Lemma size_rev_compl m s : size (rev_compl m s) = size s.
Proof. by rewrite size_rev size_map. Qed.

Lemma rev_compl_nth m s i : i < size s -> (rev_compl m s)`@i = m - s`@((size s).-1 - i).
Proof.
move=> lti; rewrite nth_rev ?size_map // (nth_map 0); last lia.
by rewrite (_ : size s - i.+1 = (size s).-1 - i) //; lia.
Qed.

Lemma rev_complK m s : all (fun x => x <= m) s -> rev_compl m (rev_compl m s) = s.
Proof.
move=> /allP sm; rewrite /rev_compl map_rev revK -map_comp map_id_in // => x /sm /=; lia.
Qed.

Lemma rev_compl_le m s : all (fun x => x <= m) (rev_compl m s).
Proof. by apply/allP => x; rewrite mem_rev => /mapP [y _ ->]; rewrite leq_subr. Qed.

Lemma occurs_rev_compl M m tau w : all (fun x => x <= M) tau -> all (fun x => x <= m) w ->
  occurs tau w -> occurs (rev_compl M tau) (rev_compl m w).
Proof.
move=> /allP tauM /allP wm [f occ]; set k := size tau.
exists (fun s => (size w).-1 - f (k.-1 - s)) => s t; rewrite size_rev_compl => st.
have [ft_fs fsw e] := occ (k.-1 - t) (k.-1 - s) (ltac:(lia)).
have ftw : f (k.-1 - t) < size w by lia.
rewrite size_rev_compl !rev_compl_nth ?size_rev_compl; try lia.
have back x : x < size w -> (size w).-1 - ((size w).-1 - x) = x by lia.
rewrite !back; try lia.
have le_tau x : x < k -> tau`@x <= M by move=> ltx; apply/tauM/mem_nth.
have le_w x : x < size w -> w`@x <= m by move=> ltx; apply/wm/mem_nth.
have := le_tau (k.-1 - s) (ltac:(lia)); have := le_tau (k.-1 - t) (ltac:(lia)).
by have := le_w _ ftw; have := le_w _ fsw; move: e; rewrite -/k; split; lia.
Qed.

Definition rev_perm n : 'S_n := perm (@rev_ord_inj n).

Lemma pseq_conj_rev n (pi : 'S_n) : pseq (pi ^ rev_perm n)%g = rev_compl n.-1 (pseq pi).
Proof.
apply: (@eq_from_nth _ 0); rewrite ?size_rev_compl !size_pseq // => i ltin.
have revV : (rev_perm n)^-1%g (Ordinal ltin) = rev_ord (Ordinal ltin).
  by apply: (canLR (permK _)); rewrite permE rev_ordK.
rewrite (pseq_nth _ (Ordinal ltin)) rev_compl_nth ?size_pseq // conjgE !permM revV permE.
have -> : n.-1 - i = rev_ord (Ordinal ltin) by rewrite /=; lia.
by rewrite pseq_nth /=; lia.
Qed.

Lemma contains_conj_rev n (pi : 'S_n.+1) M tau : all (fun x => x <= M) tau ->
  contains (pi ^ rev_perm n.+1)%g (rev_compl M tau) = contains pi tau.
Proof.
have pseq_le (rho : 'S_n.+1) : all (fun x => x <= n) (pseq rho).
  by apply/allP => x /(permseq_mem (permseq_pseq rho)).
move=> tauM; apply/containsP/containsP; rewrite pseq_conj_rev.
  by move/(occurs_rev_compl (rev_compl_le M tau) (rev_compl_le n (pseq pi))); rewrite !rev_complK.
exact: occurs_rev_compl.
Qed.

Lemma avoidsP n (pi : 'S_n.+1) tau : reflect (~ occurs tau (pseq pi)) (avoids pi tau).
Proof. by apply: (iffP negP) => notc /containsP. Qed.

Lemma cn_231_1432 n : cn n.+1 [:: 2; 3; 1] [:: 1; 4; 3; 2] [:: 2; 3; 1] = size (good_perms n.+1).
Proof.
rewrite /cn -(card_pseq (good_perms_uniq _) (good_perms_permseq _)).
apply: eq_card => pi; rewrite !inE.
have good_piP := good_permsP (permseq_pseq pi); rewrite /good -pseq_mul in good_piP.
apply/and3P/idP => [[a1 a2 a3] | /good_piP [g1 g2 g3]].
  by apply/good_piP; split; apply/avoidsP.
by split; apply/avoidsP.
Qed.

Lemma cn_rev n : cn n.+1 [:: 3; 1; 2] [:: 3; 2; 1; 4] [:: 3; 1; 2] =
  cn n.+1 [:: 2; 3; 1] [:: 1; 4; 3; 2] [:: 2; 3; 1].
Proof.
rewrite /cn -[RHS](card_preimset _ (conjg_inj (rev_perm n.+1))).
apply: eq_card => pi; rewrite !inE -conjMg.
rewrite -[[:: 2; 3; 1]]/(rev_compl 4 [:: 3; 1; 2]).
rewrite -[[:: 1; 4; 3; 2]]/(rev_compl 5 [:: 3; 2; 1; 4]).
by rewrite /avoids !contains_conj_rev.
Qed.

Theorem theorem4p1 (n : nat) : 1 <= n ->
  cn n [:: 2; 3; 1] [:: 1; 4; 3; 2] [:: 2; 3; 1] = lucas n.+1 - uphalf n - 1 /\
  cn n [:: 3; 1; 2] [:: 3; 2; 1; 4] [:: 3; 1; 2] = lucas n.+1 - uphalf n - 1.
Proof.
case: n => [//|n] _; rewrite cn_rev cn_231_1432 -size_good_perms.
by split; lia.
Qed.
Lemma has_subcover_of_refinement (V Ys : seq (set T)) :
  (forall x, exists2 Y, List.In Y Ys & Y x) ->
  (forall Y, List.In Y Ys -> exists2 B, List.In B V & Y `<=` B) ->
  has_subcover_of_size V (size Ys).
Proof.
move=> cover refine.
have [W [sizeW WV YW]] : exists W : seq (set T), [/\ size W = size Ys,
    forall B, List.In B W -> List.In B V &
    forall Y, List.In Y Ys -> exists2 B, List.In B W & Y `<=` B].
  elim: Ys {cover} refine => [|Y Ys IH] refine; first by exists [::].
  have [B BV YB] := refine Y (or_introl erefl).
  have [W [sizeW WV YW]] := IH (fun Z Zs => refine Z (or_intror Zs)).
  exists (B :: W); split => /=; first by rewrite sizeW.
  - by move=> B' [<-|/WV].
  - by move=> Z [<-|/YW [B' B'W ZB']]; [exists B; [left|]|exists B'; [right|]].
exists W; split => //; apply/seteqP; split => // x _.
have [Y YYs Yx] := cover x; have [B BW YB] := YW Y YYs.
by exists B => //; exact: YB.
Qed.

Lemma Ncov_le (V : seq (set T)) n : has_subcover_of_size V n -> (Ncov V <= n)%N.
Proof.
move=> Vn; rewrite /Ncov; case: pselect => [h|]; last by [].
by case: ex_minnP => m _; apply; apply/asboolP.
Qed.

Lemma Ncov_gt0 (V : seq (set T)) n : [set: T] !=set0 ->
  has_subcover_of_size V n -> (0 < Ncov V)%N.
Proof.
move=> [x _] Vn; rewrite /Ncov; case: pselect => [h|]; last first.
  by case; exists n; apply/asboolP.
case: ex_minnP => -[|//] /asboolP[W [/size0nil -> _ cover]] _.
by have : [set: T] x by []; rewrite -cover => -[].
Qed.
End Covers.

Section LogBounds.
Variable R : realType.
Local Open Scope ring_scope.

Lemma ln_le_2sqrt (y : R) : 0 < y -> ln y <= 2 * Num.sqrt y.
Proof.
move=> y0; have s0 : 0 < Num.sqrt y by rewrite sqrtr_gt0.
rewrite -{1}(sqr_sqrtr (ltW y0)) lnXn // -[ln _ *+ 2]mulr_natl ler_wpM2l //.
exact/ltW/ln_sublinear.
Qed.

Lemma ln_sqr_le (y : R) : 1 <= y -> ln y ^+ 2 <= 16 * Num.sqrt y.
Proof.
move=> y1; have y0 : 0 < y := lt_le_trans ltr01 y1.
have s0 : 0 < Num.sqrt y by rewrite sqrtr_gt0.
have ln_le : ln y <= 4 * Num.sqrt (Num.sqrt y).
  rewrite -{1}(sqr_sqrtr (ltW y0)) lnXn // -[ln _ *+ 2]mulr_natl.
  apply: le_trans (ler_wpM2l _ (ln_le_2sqrt s0)) _ => //.
  by rewrite mulrA -natrM.
rewrite expr2; apply: le_trans (ler_pM (ln_ge0 y1) (ln_ge0 y1) ln_le ln_le) _.
by rewrite mulrACA -natrM -expr2 sqr_sqrtr ?sqrtr_ge0.
Qed.

Lemma ln_le_of_pow_bound (c t N y : nat) : (0 < N)%N ->
  (N <= y ^ (c + t))%N -> (2 ^ t <= y)%N ->
  ln (N%:R : R) <= (2 * c%:R + 16 / ln 2) * Num.sqrt y%:R.
Proof.
move=> N0 Ny ty; have y1 : (1 <= y)%N := leq_trans (expn_gt0 2 t) ty.
have ln2 : 0 < ln (2 : R) by rewrite ln_gt0 // ltr1n.
set Y : R := y%:R; have Y1 : 1 <= Y by rewrite ler1n.
have Y0 : 0 < Y := lt_le_trans ltr01 Y1.
have lnN : ln (N%:R : R) <= c%:R * ln Y + t%:R * ln Y.
  rewrite -mulrDl -natrD mulr_natl -lnXn // ler_ln ?posrE ?ltr0n ?exprn_gt0 //.
  by rewrite /Y -natrX ler_nat.
have tY : t%:R <= ln Y / ln 2.
  rewrite ler_pdivlMr // mulr_natl -lnXn // ler_ln ?posrE ?exprn_gt0 //.
  by rewrite /Y -natrX ler_nat.
apply: (le_trans lnN); rewrite mulrDl; apply: lerD.
  apply: le_trans (ler_wpM2l (ler0n _ c) (ln_le_2sqrt Y0)) _.
  by rewrite mulrA [c%:R * 2]mulrC.
apply: le_trans (ler_wpM2r (ln_ge0 Y1) tY) _.
by rewrite mulrAC [16 / _ * _]mulrAC -expr2 ler_wpM2r ?ln_sqr_le // invr_ge0 ltW.
Qed.

Lemma cvg_div_of_sqrt_bound (K : R) (a : nat) (u : nat -> R) :
  (forall n, 0 <= u n <= K * Num.sqrt (a * n).+1%:R) ->
  (fun n => u n / n%:R) @ \oo --> 0.
Proof.
move=> uK; have K0 : 0 <= K.
  by have /andP[u0 +] := uK 0%N; rewrite muln0 sqrtr1 mulr1; exact: le_trans.
apply/cvgrPdist_le => e e0; near=> n.
have n1 : (1 <= n)%N by near: n; exact: nbhs_infty_ge.
have n_large : K ^+ 2 * a.+1%:R / e ^+ 2 <= n%:R by near: n; exact: nbhs_infty_ger.
have n0 : 0 < n%:R :> R by rewrite ltr0n.
have /andP[u0 un] := uK n.
rewrite sub0r normrN ger0_norm ?divr_ge0 // ler_pdivrMr //.
apply: le_trans un _.
rewrite -(ler_pXn2r (isT : (0 < 2)%N)) ?nnegrE;
  last 2 first; [exact: mulr_ge0 K0 (sqrtr_ge0 _)|exact: mulr_ge0 (ltW e0) (ltW n0)|].
rewrite !exprMn sqr_sqrtr ?ler0n //.
apply: (@le_trans _ _ (K ^+ 2 * (a.+1%:R * n%:R))).
  by rewrite ler_wpM2l ?exprn_ge0 // -natrM ler_nat mulSn -addn1 addnC leq_add2r.
rewrite mulrA [n%:R ^+ 2]expr2 mulrA ler_wpM2r ?(ltW n0) //.
by move: n_large; rewrite ler_pdivrMr ?exprn_gt0 // mulrC [n%:R * _]mulrC.
Unshelve. all: by end_near.
Qed.

Lemma limn_esup_ln_div_eq0 (a c : nat) (N t : nat -> nat) :
  (forall n, 0 < N n)%N -> (forall n, N n <= (a * n).+1 ^ (c + t n))%N ->
  (forall n, 2 ^ t n <= (a * n).+1)%N ->
  limn_esup (fun n => ((ln (N n)%:R : R) / n%:R)%:E) = 0%E.
Proof.
move=> N0 Nbound tbound.
have cvg0 : (ln (N n)%:R / n%:R : R) @[n --> \oo] --> 0.
  apply: (@cvg_div_of_sqrt_bound (2 * c%:R + 16 / ln 2) a) => n.
  by rewrite ln_ge0 ?ler1n ?(ln_le_of_pow_bound _ (Nbound n) (tbound n)).
have cvgE : (ln (N n)%:R / n%:R : R)%:E @[n --> \oo] --> 0%E.
  by apply: cvg_EFin => //; near=> n.
rewrite is_cvg_limn_esupE; last by apply/cvg_ex; exists 0%E.
exact: cvg_lim cvgE.
Unshelve. all: by end_near.
Qed.
End LogBounds.

Definition seq_incl (T : eqType) (L L' : seq T) : Prop := {subset L <= L'}.

Lemma seq_incl_directed (T : eqType) : directed (@seq_incl T).
Proof.
split=> [|L|L1 L2 L3 h12 h23 z /h12 /h23 //|L1 L2]; first by exists [::].
- by [].
- by exists (L1 ++ L2); split=> z zL; rewrite mem_cat zL ?orbT.
Qed.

(Assignment)
Everything from the line containing "by split; apply/avoidsP." through the line containing "have [B BV YB]" in the material above should be retyped exactly, both ends included, and nothing more.

(Finished task)
by split; apply/avoidsP.
Qed.

Lemma cn_rev n : cn n.+1 [:: 3; 1; 2] [:: 3; 2; 1; 4] [:: 3; 1; 2] =
  cn n.+1 [:: 2; 3; 1] [:: 1; 4; 3; 2] [:: 2; 3; 1].
Proof.
rewrite /cn -[RHS](card_preimset _ (conjg_inj (rev_perm n.+1))).
apply: eq_card => pi; rewrite !inE -conjMg.
rewrite -[[:: 2; 3; 1]]/(rev_compl 4 [:: 3; 1; 2]).
rewrite -[[:: 1; 4; 3; 2]]/(rev_compl 5 [:: 3; 2; 1; 4]).
by rewrite /avoids !contains_conj_rev.
Qed.

Theorem theorem4p1 (n : nat) : 1 <= n ->
  cn n [:: 2; 3; 1] [:: 1; 4; 3; 2] [:: 2; 3; 1] = lucas n.+1 - uphalf n - 1 /\
  cn n [:: 3; 1; 2] [:: 3; 2; 1; 4] [:: 3; 1; 2] = lucas n.+1 - uphalf n - 1.
Proof.
case: n => [//|n] _; rewrite cn_rev cn_231_1432 -size_good_perms.
by split; lia.
Qed.
Lemma has_subcover_of_refinement (V Ys : seq (set T)) :
  (forall x, exists2 Y, List.In Y Ys & Y x) ->
  (forall Y, List.In Y Ys -> exists2 B, List.In B V & Y `<=` B) ->
  has_subcover_of_size V (size Ys).
Proof.
move=> cover refine.
have [W [sizeW WV YW]] : exists W : seq (set T), [/\ size W = size Ys,
    forall B, List.In B W -> List.In B V &
    forall Y, List.In Y Ys -> exists2 B, List.In B W & Y `<=` B].
  elim: Ys {cover} refine => [|Y Ys IH] refine; first by exists [::].
  have [B BV YB] := refine Y (or_introl erefl).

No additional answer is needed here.